■ What is expected ■
Repeat all of the data precisely.

■ Supplied records ■
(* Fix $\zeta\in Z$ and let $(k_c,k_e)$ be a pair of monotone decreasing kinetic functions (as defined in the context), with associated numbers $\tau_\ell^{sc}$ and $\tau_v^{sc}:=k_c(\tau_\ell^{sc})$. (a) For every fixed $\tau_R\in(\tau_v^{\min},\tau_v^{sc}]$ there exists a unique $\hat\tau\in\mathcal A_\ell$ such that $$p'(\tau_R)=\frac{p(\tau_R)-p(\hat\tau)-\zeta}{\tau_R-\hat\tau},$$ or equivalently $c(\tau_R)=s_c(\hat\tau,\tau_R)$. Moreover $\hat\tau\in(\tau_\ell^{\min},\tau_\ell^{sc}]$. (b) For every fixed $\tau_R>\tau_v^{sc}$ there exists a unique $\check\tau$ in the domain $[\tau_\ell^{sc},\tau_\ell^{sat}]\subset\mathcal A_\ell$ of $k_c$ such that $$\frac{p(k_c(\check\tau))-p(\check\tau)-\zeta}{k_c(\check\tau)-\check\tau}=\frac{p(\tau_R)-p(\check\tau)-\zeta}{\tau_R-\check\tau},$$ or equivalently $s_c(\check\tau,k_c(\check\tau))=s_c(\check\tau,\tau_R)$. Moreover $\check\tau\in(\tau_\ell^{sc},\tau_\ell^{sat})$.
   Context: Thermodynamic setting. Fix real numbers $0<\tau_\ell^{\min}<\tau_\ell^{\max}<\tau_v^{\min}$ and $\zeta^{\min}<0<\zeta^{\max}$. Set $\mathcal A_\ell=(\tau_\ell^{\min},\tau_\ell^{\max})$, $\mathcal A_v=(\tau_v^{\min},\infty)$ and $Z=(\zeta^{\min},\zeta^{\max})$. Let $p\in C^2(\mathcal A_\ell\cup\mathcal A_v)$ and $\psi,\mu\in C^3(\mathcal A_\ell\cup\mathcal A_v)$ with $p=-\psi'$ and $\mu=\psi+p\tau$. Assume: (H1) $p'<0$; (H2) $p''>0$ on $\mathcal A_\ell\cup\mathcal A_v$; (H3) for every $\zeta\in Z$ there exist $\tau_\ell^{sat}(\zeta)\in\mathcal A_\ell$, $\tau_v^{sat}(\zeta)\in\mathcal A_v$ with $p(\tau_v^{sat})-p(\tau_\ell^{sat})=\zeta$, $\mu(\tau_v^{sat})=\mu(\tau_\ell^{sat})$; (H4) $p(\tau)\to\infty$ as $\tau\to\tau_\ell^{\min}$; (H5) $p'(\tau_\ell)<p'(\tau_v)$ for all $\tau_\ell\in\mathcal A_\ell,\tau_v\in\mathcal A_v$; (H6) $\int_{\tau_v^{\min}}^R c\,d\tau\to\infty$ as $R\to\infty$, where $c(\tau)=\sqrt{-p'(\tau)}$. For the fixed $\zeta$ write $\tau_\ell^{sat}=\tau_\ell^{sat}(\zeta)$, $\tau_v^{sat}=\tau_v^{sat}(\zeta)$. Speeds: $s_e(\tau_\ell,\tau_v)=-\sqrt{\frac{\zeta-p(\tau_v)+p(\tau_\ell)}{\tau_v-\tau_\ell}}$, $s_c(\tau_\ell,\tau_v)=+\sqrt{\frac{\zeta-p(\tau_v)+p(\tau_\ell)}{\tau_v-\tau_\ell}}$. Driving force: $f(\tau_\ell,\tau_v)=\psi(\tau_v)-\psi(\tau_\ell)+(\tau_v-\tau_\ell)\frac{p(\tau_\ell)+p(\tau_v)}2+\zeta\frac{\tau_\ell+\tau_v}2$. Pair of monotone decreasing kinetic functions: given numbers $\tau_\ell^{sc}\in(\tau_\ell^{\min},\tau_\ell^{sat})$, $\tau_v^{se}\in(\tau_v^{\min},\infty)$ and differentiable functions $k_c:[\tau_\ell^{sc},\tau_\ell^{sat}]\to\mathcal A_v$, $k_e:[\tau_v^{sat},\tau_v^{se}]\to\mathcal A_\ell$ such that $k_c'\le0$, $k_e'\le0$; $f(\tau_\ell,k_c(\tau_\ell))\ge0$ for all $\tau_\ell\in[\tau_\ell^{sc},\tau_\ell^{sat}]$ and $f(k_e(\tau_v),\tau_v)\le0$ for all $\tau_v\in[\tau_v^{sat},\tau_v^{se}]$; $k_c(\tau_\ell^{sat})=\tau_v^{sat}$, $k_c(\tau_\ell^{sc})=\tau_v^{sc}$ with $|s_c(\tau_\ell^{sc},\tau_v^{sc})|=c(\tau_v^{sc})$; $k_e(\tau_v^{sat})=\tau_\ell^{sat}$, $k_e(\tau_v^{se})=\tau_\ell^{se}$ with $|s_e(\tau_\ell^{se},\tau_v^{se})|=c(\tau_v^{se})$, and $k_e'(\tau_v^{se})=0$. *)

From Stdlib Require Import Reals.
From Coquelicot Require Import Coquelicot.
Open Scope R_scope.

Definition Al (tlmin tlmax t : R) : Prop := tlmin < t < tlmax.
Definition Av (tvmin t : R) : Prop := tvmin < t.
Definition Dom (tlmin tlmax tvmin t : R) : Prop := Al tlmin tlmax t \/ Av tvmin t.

■ Problem solution ■
(* Fix $\zeta\in Z$ and let $(k_c,k_e)$ be a pair of monotone decreasing kinetic functions (as defined in the context), with associated numbers $\tau_\ell^{sc}$ and $\tau_v^{sc}:=k_c(\tau_\ell^{sc})$. (a) For every fixed $\tau_R\in(\tau_v^{\min},\tau_v^{sc}]$ there exists a unique $\hat\tau\in\mathcal A_\ell$ such that $$p'(\tau_R)=\frac{p(\tau_R)-p(\hat\tau)-\zeta}{\tau_R-\hat\tau},$$ or equivalently $c(\tau_R)=s_c(\hat\tau,\tau_R)$. Moreover $\hat\tau\in(\tau_\ell^{\min},\tau_\ell^{sc}]$. (b) For every fixed $\tau_R>\tau_v^{sc}$ there exists a unique $\check\tau$ in the domain $[\tau_\ell^{sc},\tau_\ell^{sat}]\subset\mathcal A_\ell$ of $k_c$ such that $$\frac{p(k_c(\check\tau))-p(\check\tau)-\zeta}{k_c(\check\tau)-\check\tau}=\frac{p(\tau_R)-p(\check\tau)-\zeta}{\tau_R-\check\tau},$$ or equivalently $s_c(\check\tau,k_c(\check\tau))=s_c(\check\tau,\tau_R)$. Moreover $\check\tau\in(\tau_\ell^{sc},\tau_\ell^{sat})$.
   Context: Thermodynamic setting. Fix real numbers $0<\tau_\ell^{\min}<\tau_\ell^{\max}<\tau_v^{\min}$ and $\zeta^{\min}<0<\zeta^{\max}$. Set $\mathcal A_\ell=(\tau_\ell^{\min},\tau_\ell^{\max})$, $\mathcal A_v=(\tau_v^{\min},\infty)$ and $Z=(\zeta^{\min},\zeta^{\max})$. Let $p\in C^2(\mathcal A_\ell\cup\mathcal A_v)$ and $\psi,\mu\in C^3(\mathcal A_\ell\cup\mathcal A_v)$ with $p=-\psi'$ and $\mu=\psi+p\tau$. Assume: (H1) $p'<0$; (H2) $p''>0$ on $\mathcal A_\ell\cup\mathcal A_v$; (H3) for every $\zeta\in Z$ there exist $\tau_\ell^{sat}(\zeta)\in\mathcal A_\ell$, $\tau_v^{sat}(\zeta)\in\mathcal A_v$ with $p(\tau_v^{sat})-p(\tau_\ell^{sat})=\zeta$, $\mu(\tau_v^{sat})=\mu(\tau_\ell^{sat})$; (H4) $p(\tau)\to\infty$ as $\tau\to\tau_\ell^{\min}$; (H5) $p'(\tau_\ell)<p'(\tau_v)$ for all $\tau_\ell\in\mathcal A_\ell,\tau_v\in\mathcal A_v$; (H6) $\int_{\tau_v^{\min}}^R c\,d\tau\to\infty$ as $R\to\infty$, where $c(\tau)=\sqrt{-p'(\tau)}$. For the fixed $\zeta$ write $\tau_\ell^{sat}=\tau_\ell^{sat}(\zeta)$, $\tau_v^{sat}=\tau_v^{sat}(\zeta)$. Speeds: $s_e(\tau_\ell,\tau_v)=-\sqrt{\frac{\zeta-p(\tau_v)+p(\tau_\ell)}{\tau_v-\tau_\ell}}$, $s_c(\tau_\ell,\tau_v)=+\sqrt{\frac{\zeta-p(\tau_v)+p(\tau_\ell)}{\tau_v-\tau_\ell}}$. Driving force: $f(\tau_\ell,\tau_v)=\psi(\tau_v)-\psi(\tau_\ell)+(\tau_v-\tau_\ell)\frac{p(\tau_\ell)+p(\tau_v)}2+\zeta\frac{\tau_\ell+\tau_v}2$. Pair of monotone decreasing kinetic functions: given numbers $\tau_\ell^{sc}\in(\tau_\ell^{\min},\tau_\ell^{sat})$, $\tau_v^{se}\in(\tau_v^{\min},\infty)$ and differentiable functions $k_c:[\tau_\ell^{sc},\tau_\ell^{sat}]\to\mathcal A_v$, $k_e:[\tau_v^{sat},\tau_v^{se}]\to\mathcal A_\ell$ such that $k_c'\le0$, $k_e'\le0$; $f(\tau_\ell,k_c(\tau_\ell))\ge0$ for all $\tau_\ell\in[\tau_\ell^{sc},\tau_\ell^{sat}]$ and $f(k_e(\tau_v),\tau_v)\le0$ for all $\tau_v\in[\tau_v^{sat},\tau_v^{se}]$; $k_c(\tau_\ell^{sat})=\tau_v^{sat}$, $k_c(\tau_\ell^{sc})=\tau_v^{sc}$ with $|s_c(\tau_\ell^{sc},\tau_v^{sc})|=c(\tau_v^{sc})$; $k_e(\tau_v^{sat})=\tau_\ell^{sat}$, $k_e(\tau_v^{se})=\tau_\ell^{se}$ with $|s_e(\tau_\ell^{se},\tau_v^{se})|=c(\tau_v^{se})$, and $k_e'(\tau_v^{se})=0$. *)

From Stdlib Require Import Reals.
From Coquelicot Require Import Coquelicot.
Open Scope R_scope.

Definition Al (tlmin tlmax t : R) : Prop := tlmin < t < tlmax.
Definition Av (tvmin t : R) : Prop := tvmin < t.
Definition Dom (tlmin tlmax tvmin t : R) : Prop := Al tlmin tlmax t \/ Av tvmin t.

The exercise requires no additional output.